US rate hike caused a withdrawal of investment from emerging economies. This is due to investors shifting to the perceived safety of the US dollar, which is now more attractive with higher interest rates.
Taking cues from the US Fed, central banks across the globe simultaneously increased the interest rates to rein in inflation. This has raised worries all over the world, that it may be edging towards a recession in 2023 and a string of financial crises in emerging markets.
The Fed decision also weighed on global commodity prices. Commodity prices and interest rates are inversely related due to the cost of financing stockpiles. When interest rates move higher, commodity prices tend to move lower because of an increase in cost associated with holding inventories.

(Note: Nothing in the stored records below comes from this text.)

(* Let $X_1,\dots,X_M$ be i.i.d. random variables taking values in $[k]$, let $\hat p_i=\frac1M\sum_{j=1}^M\mathbf{1}\{X_j=i\}$, and define $L(X_1,\dots,X_M)=\sum_{i=1}^k\hat p_i(1-\hat p_i)$. Then the function $L:[k]^M\to\mathbb{R}$ satisfies the bounded difference property with parameters $c_i=\frac2M$ for all $i\in[M]$, and consequently for every $t>0$, $$\mathbb{P}\left[|L(X_1,\dots,X_M)-\mathbb{E}[L(X_1,\dots,X_M)]|\ge t\right]\le 2\exp\left(-\frac{Mt^2}{2}\right).$$
   Context: A function $f:\mathcal{X}^M\to\mathbb{R}$ has the bounded difference property with parameters $c_1,\dots,c_M$ if for every $i\in[M]$, all $x_1,\dots,x_M,x_i'\in\mathcal{X}$, $|f(x_1,\dots,x_i,\dots,x_M)-f(x_1,\dots,x_i',\dots,x_M)|\le c_i$. *)

From HB Require Import structures.
From mathcomp Require Import all_boot all_order all_algebra.
From mathcomp Require Import reals.
From mathcomp Require Import sequences.
Set Implicit Arguments. Unset Strict Implicit. Unset Printing Implicit Defensive.
Import Order.TTheory GRing.Theory Num.Theory.
Local Open Scope ring_scope.

Definition is_pmf (R : realType) (T : finType) (p : T -> R) : Prop :=
  (forall x, 0 <= p x) /\ \sum_(x : T) p x = 1.

Definition fupd (M : nat) (T : Type) (x : {ffun 'I_M -> T}) (i : 'I_M) (y : T)
  : {ffun 'I_M -> T} := [ffun j => if j == i then y else x j].

Definition bounded_difference (R : realType) (M : nat) (T : finType)
  (f : {ffun 'I_M -> T} -> R) (c : 'I_M -> R) : Prop :=
  forall (i : 'I_M) (x : {ffun 'I_M -> T}) (y : T),
    `|f x - f (fupd x i y)| <= c i.

Definition phat (R : realType) (M k : nat) (x : {ffun 'I_M -> 'I_k}) (i : 'I_k) : R :=
  (#|[set j | x j == i]|)%:R / M%:R.

Definition Lfun (R : realType) (M k : nat) (x : {ffun 'I_M -> 'I_k}) : R :=
  \sum_(i < k) phat R x i * (1 - phat R x i).

(* Law of (X_1,...,X_M) i.i.d. with common pmf p: the product measure. *)
Definition iid_weight (R : realType) (M k : nat) (p : 'I_k -> R)
  (x : {ffun 'I_M -> 'I_k}) : R := \prod_(j < M) p (x j).

Definition iid_prob (R : realType) (M k : nat) (p : 'I_k -> R)
  (E : pred {ffun 'I_M -> 'I_k}) : R :=
  \sum_(x | E x) iid_weight p x.

Definition iid_expect (R : realType) (M k : nat) (p : 'I_k -> R)
  (f : {ffun 'I_M -> 'I_k} -> R) : R :=
  \sum_(x : {ffun 'I_M -> 'I_k}) iid_weight p x * f x.

From HB Require Import structures.
From mathcomp Require Import all_boot all_order all_algebra.
From mathcomp Require Import reals.
From mathcomp Require Import sequences.
From mathcomp Require Import boolp classical_sets functions topology normedtype derive realfun exp.
From mathcomp Require Import ring lra.
Set Implicit Arguments. Unset Strict Implicit. Unset Printing Implicit Defensive.
Import Order.TTheory GRing.Theory Num.Theory.
Import numFieldNormedType.Exports.
Local Open Scope ring_scope.

(* The martingale method: average out the coordinates one at a time.  The
   [j]-th step changes the function by at most [c j] in the averaged coordinate,
   so by Hoeffding's lemma the conditional moment generating function grows by
   at most [exp (l^2 c_j^2 / 8)]; once every coordinate is averaged out only
   the constant [E f] is left, and a Chernoff bound on both tails concludes.
   Hoeffding's lemma reduces, by convexity of [exp], to a two-point law, whose
   log-moment generating function has second derivative at most [1/4].
   For [L], replacing one sample moves at most two empirical frequencies, each
   by [1/M], and [q (1 - q)] is 1-Lipschitz on [0, 1]: hence [c_i = 2/M]. *)

Section DeriveMonotone.
Variable R : realType.
Implicit Types (f df : R -> R) (a b : R).

Lemma is_derive_within_continuous f df a b :
  (forall x, is_derive x (1 : R) f (df x)) -> {within `[a, b], continuous f}%classic.
Proof.
move=> fD; apply/continuous_subspaceT => x.
by apply/differentiable_continuous/derivable1_diffP; have [] := fD x.
Qed.

Lemma ger0_is_derive_le f df a b :
  (forall x, is_derive x (1 : R) f (df x)) ->
  (forall x, a <= x <= b -> 0 <= df x) -> a <= b -> f a <= f b.
Proof.
move=> fD df_ge0 ab.
have [c cab fbfa] := MVT_segment ab (fun x _ => fD x) (is_derive_within_continuous fD).
by rewrite -subr_ge0 fbfa mulr_ge0 ?subr_ge0 // df_ge0.
Qed.

Lemma ler0_is_derive_ge f df a b :
  (forall x, is_derive x (1 : R) f (df x)) ->
  (forall x, a <= x <= b -> df x <= 0) -> a <= b -> f b <= f a.
Proof.
move=> fD df_le0 ab; rewrite -lerN2.
have fND x : is_derive x (1 : R) (- f) (- df x) by apply: is_deriveN.
apply: (ger0_is_derive_le fND) => // x /df_le0.
by rewrite oppr_ge0.
Qed.

End DeriveMonotone.

Section BernoulliMgf.
Variables (R : realType) (th : R).
Hypotheses (th_ge0 : 0 <= th) (th_le1 : th <= 1).

Let mgf (u : R) : R := 1 - th + th * expR u.
Let psi (u : R) := th * u + u * u / 8 - ln (mgf u).
Let dpsi (u : R) := u / 4 + th - th * expR u / mgf u.
Let d2psi (u : R) := 4^-1 - th * (1 - th) * expR u / mgf u ^+ 2.

Let mgf_gt0 u : 0 < mgf u.
Proof.
rewrite /mgf; have [->|th_neq0] := eqVneq th 0; first by rewrite subr0 mul0r addr0.
have : 0 < th * expR u by rewrite mulr_gt0 ?expR_gt0 // lt0r th_neq0.
by have := th_le1; lra.
Qed.

Let mgf_derive u : is_derive u (1 : R) mgf (th * expR u).
Proof.
have -> : mgf = cst (1 - th) + th \*: expR by apply/funext.
by apply: is_derive_eq; rewrite /= add0r.
Qed.
(* Let $x\in J$ and let $\mathcal I=\{I_i\}_{i\in F}$ and $\mathcal L=\{L_j\}_{j\in G}$ be $x$-norming partitions. Then for every $i\in F$ and $j\in G$, either $I_i\subset L_j$, or $L_j\subset I_i$, or $I_i\cap L_j=\emptyset$.
   Context: For a real sequence $x=(x(n))_{n\in\mathbb N}$ let $\|x\|_J=\sup\bigl(\sum_{i=1}^n|\sum_{k\in I_i}x(k)|^2\bigr)^{1/2}$ over all $n$ and all families of pairwise disjoint intervals $I_1,\dots,I_n$ of $\mathbb N$ (intervals: nonempty sets of consecutive positive integers, possibly infinite). $J=\{x:\|x\|_J<\infty\}$; for $x\in J$ and any interval $I$ the series $\sum_{k\in I}x(k)$ converges. $\mathrm{supp}(x)=\{n:x(n)\ne0\}$. A family of intervals $\mathcal I=\{I_i\}_{i\in F}$: $F=\{1,\dots,k\}$ or $F=\mathbb N$, each $I_i$ an interval, $\max I_i<\min I_{i+1}$ whenever $i+1\in F$; $\|x\|_{\mathcal I}=(\sum_{i\in F}|\sum_{k\in I_i}x(k)|^2)^{1/2}$; it is $x$-norming if $\|x\|_{\mathcal I}=\|x\|_J$. For nonempty $L\subset\mathbb N$, $\sup L=\max L$ if finite and $\infty$ otherwise. An $x$-norming partition is an $x$-norming family with $\{\min I_i,\max I_i\}\subset\mathrm{supp}(x)$ for all $i<\sup F$, and, if $F$ is finite, $\min I_i\in\mathrm{supp}(x)$ and $\sup I_i=\sup\mathrm{supp}(x)$ for $i=\sup F$. *)

From Stdlib Require Import Reals Lra Lia ClassicalEpsilon.
From Coquelicot Require Import Coquelicot.
Open Scope R_scope.

(* A real sequence x = (x(n))_{n >= 1} is a function nat -> R; the value x 0
   is irrelevant (all intervals consist of positive integers). *)

Definition is_interval (I : nat -> Prop) : Prop :=
  (exists n, I n) /\
  (forall n, I n -> (1 <= n)%nat) /\
  (forall a b c, I a -> I c -> (a <= b)%nat -> (b <= c)%nat -> I b).

Definition isum (x : nat -> R) (I : nat -> Prop) : R :=
  Series (fun k => if excluded_middle_informative (I k) then x k else 0).

Fixpoint rsum (f : nat -> R) (n : nat) : R :=
  match n with O => 0 | S m => rsum f m + f m end.

(* squares of the quantities whose sup defines ||x||_J:
   sum_{i=1}^n |sum_{k in I_i} x(k)|^2 over pairwise disjoint intervals I_1..I_n *)
Definition J_values (x : nat -> R) (s : R) : Prop :=
  exists (n : nat) (f : nat -> nat -> Prop),
    (forall i, (1 <= i <= n)%nat -> is_interval (f i)) /\
    (forall i j, (1 <= i <= n)%nat -> (1 <= j <= n)%nat -> i <> j ->
       forall k, f i k -> f j k -> False) /\
    s = rsum (fun i => (isum x (f (S i)))^2) n.

(* x in J: the supremum is finite (together with the convergence of the
   series over infinite intervals, which is what gives the sums meaning). *)
Definition in_J (x : nat -> R) : Prop :=
  (forall I, is_interval I ->
     ex_series (fun k => if excluded_middle_informative (I k) then x k else 0)) /\
  (exists M, forall s, J_values x s -> s <= M).

Definition J_norm (x : nat -> R) : R := sqrt (real (Lub_Rbar (J_values x))).

(* Index set F of a family: [Some k] codes F = {1,...,k} (k >= 1),
   [None] codes F = N = {1,2,...}. *)
Definition in_F (F : option nat) (i : nat) : Prop :=
  (1 <= i)%nat /\ match F with Some k => (i <= k)%nat | None => True end.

When the central bank starts raising rates, bullion prices are largely on the weaker side. Since March, Gold in the key London market has lost more than 22 percent, while silver prices lost about 19 percent so far. An increase in interest rate typically more adverse impact on interest-free commodities like bullion.
Base metals like Copper, Aluminium, Lead, and Zinc also lost heavily on demand concerns. In the key London Metal Exchange, copper prices lost more than 27 percent while aluminium lost about 44 percent from its March highs. A similar trend was witnessed in Lead and Zinc prices as well. Mounting concerns over slowing demand from the top commodity consumer China, and a strong US dollar also weighed down the metal complex.
In the energy commodities, crude oil prices shed more than 31 percent since March. Moderate demand outlook amid recession concerns in several economies and steady output from key producers also helped to cool down prices. Natural gas prices also corrected lower but were extremely volatile due to supply threats from the key exporter Russia.
The strong US currency continues to weigh global commodity prices. The dollar index, which measures the value of the US dollar relative to other currencies, gained more than 15 percent from March when Fed started hiking rates.
Since the US greenback is the benchmark pricing mechanism for most commodities when the dollar appreciates the prices of commodities measured in other currencies rise. This causes an increase in raw materials that eventually tends to a decline in demand.
Meanwhile, the Fed has signalled that its aggressive campaign to tackle inflation nearing its final phase. But rate hikes in smaller increments are expected until the inflation levels back to normal. This may continue to blow the global economy and demand for commodities.